What is selective toxicity

Answer 3

Selective toxicity – antibiotics exert their activity by inhibiting
gene products found in bacterial cells, but not in humans
Ideally, such targets are completely absent from human cells (enzymes that make peptidoglycan) or, if present in human cells, possess unique properties in bacteria that can be exploited to confer specificity (ribosomes)
-> Minimize side effects

Question 4

Disinfectants

Answer 4

Toxic to humans and bacteria (e.g. bleach)
Nonspecific effects
Used to eliminate organisms on inanimate objects, surfaces

Question 5

Antiseptics

Answer 5

Generally toxic to bacteria
Nonspecific effects (e.g. protein denaturation)
Too toxic for systemic use in humans (e.g. peroxides, alcohols)
OK for topical use

Question 6

Antibiotics

Answer 6

Target specific cellular processes
Exhibit effects on bacteria but not on humans – selective toxicity
Can be administered systemically

Question 7

Antibiotics can be classified as what two things

Answer 7

bacteriostatic

bacteriocidal

Question 8

bacteriostatic

Answer 8

inhibit growth of bacteria (but do not kill
them) - rely on immune system to eradicate

-number of viable cells doesn’t decrease, but it doesn’t increase. it just stays constant

Question 9

Bacteriocidal

Answer 9

: kill bacteria directly
important for immunocompromised patients, device-associated
infections, endocarditis
-graph would should number of bacteria decreasing

Question 10

pharmacology/bioavailability

Answer 10

Not all antibiotics penetrate all tissues
equally.
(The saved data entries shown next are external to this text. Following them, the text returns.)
(* Let $\bar{w}$ be a nice sequence. Then: (1) $(x\;\bar{w}) \in \mathcal{N}$ for every $\lambda$-variable $x$. (2) If $u \in \mathcal{N}$ and $(t[x:=u]\;\bar{w}) \in \mathcal{N}$, then $((\lambda x.t\;u)\;\bar{w}) \in \mathcal{N}$. (3) If $t_1,t_2 \in \mathcal{N}$ and $(t_i\;\bar{w}) \in \mathcal{N}$ (for $i\in\{1,2\}$), then $((\langle t_1,t_2\rangle\;\pi_i)\;\bar{w}) \in \mathcal{N}$. (4) If $t,u_1,u_2 \in \mathcal{N}$ and $u_i[x_i:=t] \in \mathcal{N}$ (for $i\in\{1,2\}$), then $(\omega_i t\;[x_1.u_1,x_2.u_2]) \in \mathcal{N}$. (5) If $t[a:=^*\bar{w}] \in \mathcal{N}$, then $(\mu a.t\;\bar{w}) \in \mathcal{N}$.
   Context: With disjoint sets of $\lambda$-variables $x,y,\dots$ and $\mu$-variables $a,b,\dots$, terms and $\mathcal{E}$-terms are $\mathcal{T} ::= x \mid \lambda x.\mathcal{T} \mid (\mathcal{T}\;\mathcal{E}) \mid \langle \mathcal{T},\mathcal{T}\rangle \mid \omega_1\mathcal{T} \mid \omega_2\mathcal{T} \mid \mu a.\mathcal{T} \mid (a\;\mathcal{T})$, $\mathcal{E} ::= \mathcal{T} \mid \pi_1 \mid \pi_2 \mid [x.\mathcal{T}, y.\mathcal{T}]$ (up to renaming of bound variables). The one-step reduction $\triangleright$ is the closure under all constructors of: $(\lambda x.u\;v)\triangleright u[x:=v]$; $(\langle t_1,t_2\rangle\;\pi_i)\triangleright t_i$; $(\omega_i t\;[x_1.u_1,x_2.u_2])\triangleright u_i[x_i:=t]$; $((t\;[x_1.u_1,x_2.u_2])\;\varepsilon)\triangleright(t\;[x_1.(u_1\;\varepsilon),x_2.(u_2\;\varepsilon)])$; $(\mu a.t\;\varepsilon)\triangleright\mu a.t[a:=^*\varepsilon]$, where $t[a:=^*\varepsilon]$ replaces inductively each subterm $(a\;v)$ by $(a\;(v\;\varepsilon))$. $\mathcal{N}$ (resp. $\mathcal{N}'$) is the set of strongly normalizable terms (resp. $\mathcal{E}$-terms), i.e. those admitting no infinite $\triangleright$-reduction sequence. For a finite sequence $\bar{w}=w_1\dots w_n$ of $\mathcal{E}$-terms and a term $t$: $(t\;\bar{w})$ is $t$ if $n=0$ and $((t\;w_1)\;w_2\dots w_n)$ otherwise; $t[a:=^*\bar{w}]$ is obtained from $t$ by replacing inductively each subterm $(a\;v)$ by $(a\;(v\;\bar{w}))$. A finite sequence $\bar{w}=w_1\dots w_n$ of elements of $\mathcal{N}'$ is a nice sequence iff none of $w_1,\dots,w_{n-1}$ is of the form $[x.u,y.v]$ (only $w_n$ may be). *)

(* Lambda-mu calculus with pairs and sums, de Bruijn indices.
   lambda-variables and mu-variables live in two separate index spaces. *)
From Stdlib Require Import List Arith.
Import ListNotations.

Inductive term : Type :=
| Var  : nat -> term
| Lam  : term -> term
| App  : term -> eterm -> term
| Pair : term -> term -> term
| Inj1 : term -> term
| Inj2 : term -> term
| Mu   : term -> term                (* binds mu-index 0 *)
| MApp : nat -> term -> term         (* (a t), a a mu-variable index *)
with eterm : Type :=
| ETerm : term -> eterm
| Proj1 : eterm
| Proj2 : eterm
| Case  : term -> term -> eterm.     (* [x.u1, y.u2]; each branch binds lambda-index 0 *)

Fixpoint lift_l (c : nat) (t : term) : term :=
  match t with
  | Var n => if c <=? n then Var (S n) else Var n
  | Lam t => Lam (lift_l (S c) t)
  | App t e => App (lift_l c t) (lift_le c e)
  | Pair t1 t2 => Pair (lift_l c t1) (lift_l c t2)
  | Inj1 t => Inj1 (lift_l c t)
  | Inj2 t => Inj2 (lift_l c t)
  | Mu t => Mu (lift_l c t)
  | MApp a t => MApp a (lift_l c t)
  end
with lift_le (c : nat) (e : eterm) : eterm :=
  match e with
  | ETerm t => ETerm (lift_l c t)
  | Proj1 => Proj1
  | Proj2 => Proj2
  | Case u1 u2 => Case (lift_l (S c) u1) (lift_l (S c) u2)
  end.

Fixpoint lift_m (c : nat) (t : term) : term :=
  match t with
  | Var n => Var n
  | Lam t => Lam (lift_m c t)
  | App t e => App (lift_m c t) (lift_me c e)
  | Pair t1 t2 => Pair (lift_m c t1) (lift_m c t2)
  | Inj1 t => Inj1 (lift_m c t)
  | Inj2 t => Inj2 (lift_m c t)
  | Mu t => Mu (lift_m (S c) t)
  | MApp a t => MApp (if c <=? a then S a else a) (lift_m c t)
  end
with lift_me (c : nat) (e : eterm) : eterm :=
  match e with
  | ETerm t => ETerm (lift_m c t)
  | Proj1 => Proj1
  | Proj2 => Proj2
  | Case u1 u2 => Case (lift_m c u1) (lift_m c u2)
  end.

(* t[k := u] : capture-avoiding substitution of u for lambda-index k,
   removing the binder (indices above k decrease by one) *)
Fixpoint subst_l (k : nat) (u : term) (t : term) : term :=
  match t with
  | Var n => if n =? k then u else if k <? n then Var (pred n) else Var n
  | Lam t => Lam (subst_l (S k) (lift_l 0 u) t)
  | App t e => App (subst_l k u t) (subst_le k u e)
  | Pair t1 t2 => Pair (subst_l k u t1) (subst_l k u t2)
  | Inj1 t => Inj1 (subst_l k u t)
  | Inj2 t => Inj2 (subst_l k u t)
  | Mu t => Mu (subst_l k (lift_m 0 u) t)
  | MApp a t => MApp a (subst_l k u t)
  end
with subst_le (k : nat) (u : term) (e : eterm) : eterm :=
  match e with
  | ETerm t => ETerm (subst_l k u t)
  | Proj1 => Proj1
  | Proj2 => Proj2
  | Case u1 u2 => Case (subst_l (S k) (lift_l 0 u) u1) (subst_l (S k) (lift_l 0 u) u2)
  end.

Definition apps (t : term) (ws : list eterm) : term := fold_left App ws t.

(* t[a :=* ws] : replace inductively every subterm (a v) by (a (v ws)),
   where a is mu-index k; the mu-variable a stays (it is not removed). *)
Fixpoint msubst (k : nat) (ws : list eterm) (t : term) : term :=
  match t with
  | Var n => Var n
  | Lam t => Lam (msubst k (map (lift_le 0) ws) t)
  | App t e => App (msubst k ws t) (msubst_e k ws e)
  | Pair t1 t2 => Pair (msubst k ws t1) (msubst k ws t2)
  | Inj1 t => Inj1 (msubst k ws t)
  | Inj2 t => Inj2 (msubst k ws t)
  | Mu t => Mu (msubst (S k) (map (lift_me 0) ws) t)
  | MApp a t => if a =? k then MApp a (apps (msubst k ws t) ws)
                else MApp a (msubst k ws t)
  end
with msubst_e (k : nat) (ws : list eterm) (e : eterm) : eterm :=
  match e with
  | ETerm t => ETerm (msubst k ws t)
  | Proj1 => Proj1
  | Proj2 => Proj2
  | Case u1 u2 => Case (msubst k (map (lift_le 0) ws) u1) (msubst k (map (lift_le 0) ws) u2)
  end.

Inductive red : term -> term -> Prop :=
| r_beta  : forall u v, red (App (Lam u) (ETerm v)) (subst_l 0 v u)
| r_pi1   : forall t1 t2, red (App (Pair t1 t2) Proj1) t1
| r_pi2   : forall t1 t2, red (App (Pair t1 t2) Proj2) t2
| r_case1 : forall t u1 u2, red (App (Inj1 t) (Case u1 u2)) (subst_l 0 t u1)
| r_case2 : forall t u1 u2, red (App (Inj2 t) (Case u1 u2)) (subst_l 0 t u2)
| r_comm  : forall t u1 u2 e,
    red (App (App t (Case u1 u2)) e)
        (App t (Case (App u1 (lift_le 0 e)) (App u2 (lift_le 0 e))))
| r_mu    : forall t e, red (App (Mu t) e) (Mu (msubst 0 [lift_me 0 e] t))
| c_lam   : forall t t', red t t' -> red (Lam t) (Lam t')
| c_appl  : forall t t' e, red t t' -> red (App t e) (App t' e)
| c_appr  : forall t e e', rede e e' -> red (App t e) (App t e')
| c_pairl : forall t1 t1' t2, red t1 t1' -> red (Pair t1 t2) (Pair t1' t2)
| c_pairr : forall t1 t2 t2', red t2 t2' -> red (Pair t1 t2) (Pair t1 t2')
| c_inj1  : forall t t', red t t' -> red (Inj1 t) (Inj1 t')
| c_inj2  : forall t t', red t t' -> red (Inj2 t) (Inj2 t')
| c_mu    : forall t t', red t t' -> red (Mu t) (Mu t')
| c_mapp  : forall a t t', red t t' -> red (MApp a t) (MApp a t')
with rede : eterm -> eterm -> Prop :=
| c_eterm : forall t t', red t t' -> rede (ETerm t) (ETerm t')
| c_casel : forall u1 u1' u2, red u1 u1' -> rede (Case u1 u2) (Case u1' u2)
| c_caser : forall u1 u2 u2', red u2 u2' -> rede (Case u1 u2) (Case u1 u2').

Definition SN (t : term) : Prop := Acc (fun u v => red v u) t.
Definition SN' (e : eterm) : Prop := Acc (fun u v => rede v u) e.

Definition is_case (e : eterm) : bool :=
  match e with Case _ _ => true | _ => false end.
To be effective, an antibiotic needs to get to site of infection at
therapeutic levels

Question 11

Spectrum of activity

Answer 11

• the collection of bacterial species that is
  susceptible to a given antibiotic
  -narrow spectrum
  -broad spectrum

Question 12

Narrow spectrum antibiotic

Answer 12

effective against a relatively small group of

bacteria (e.g. aerobic Gram-positive bacteria)

Question 13

Broad spectrum antibiotic

Answer 13

effective against a wide range of bacteria (e.g.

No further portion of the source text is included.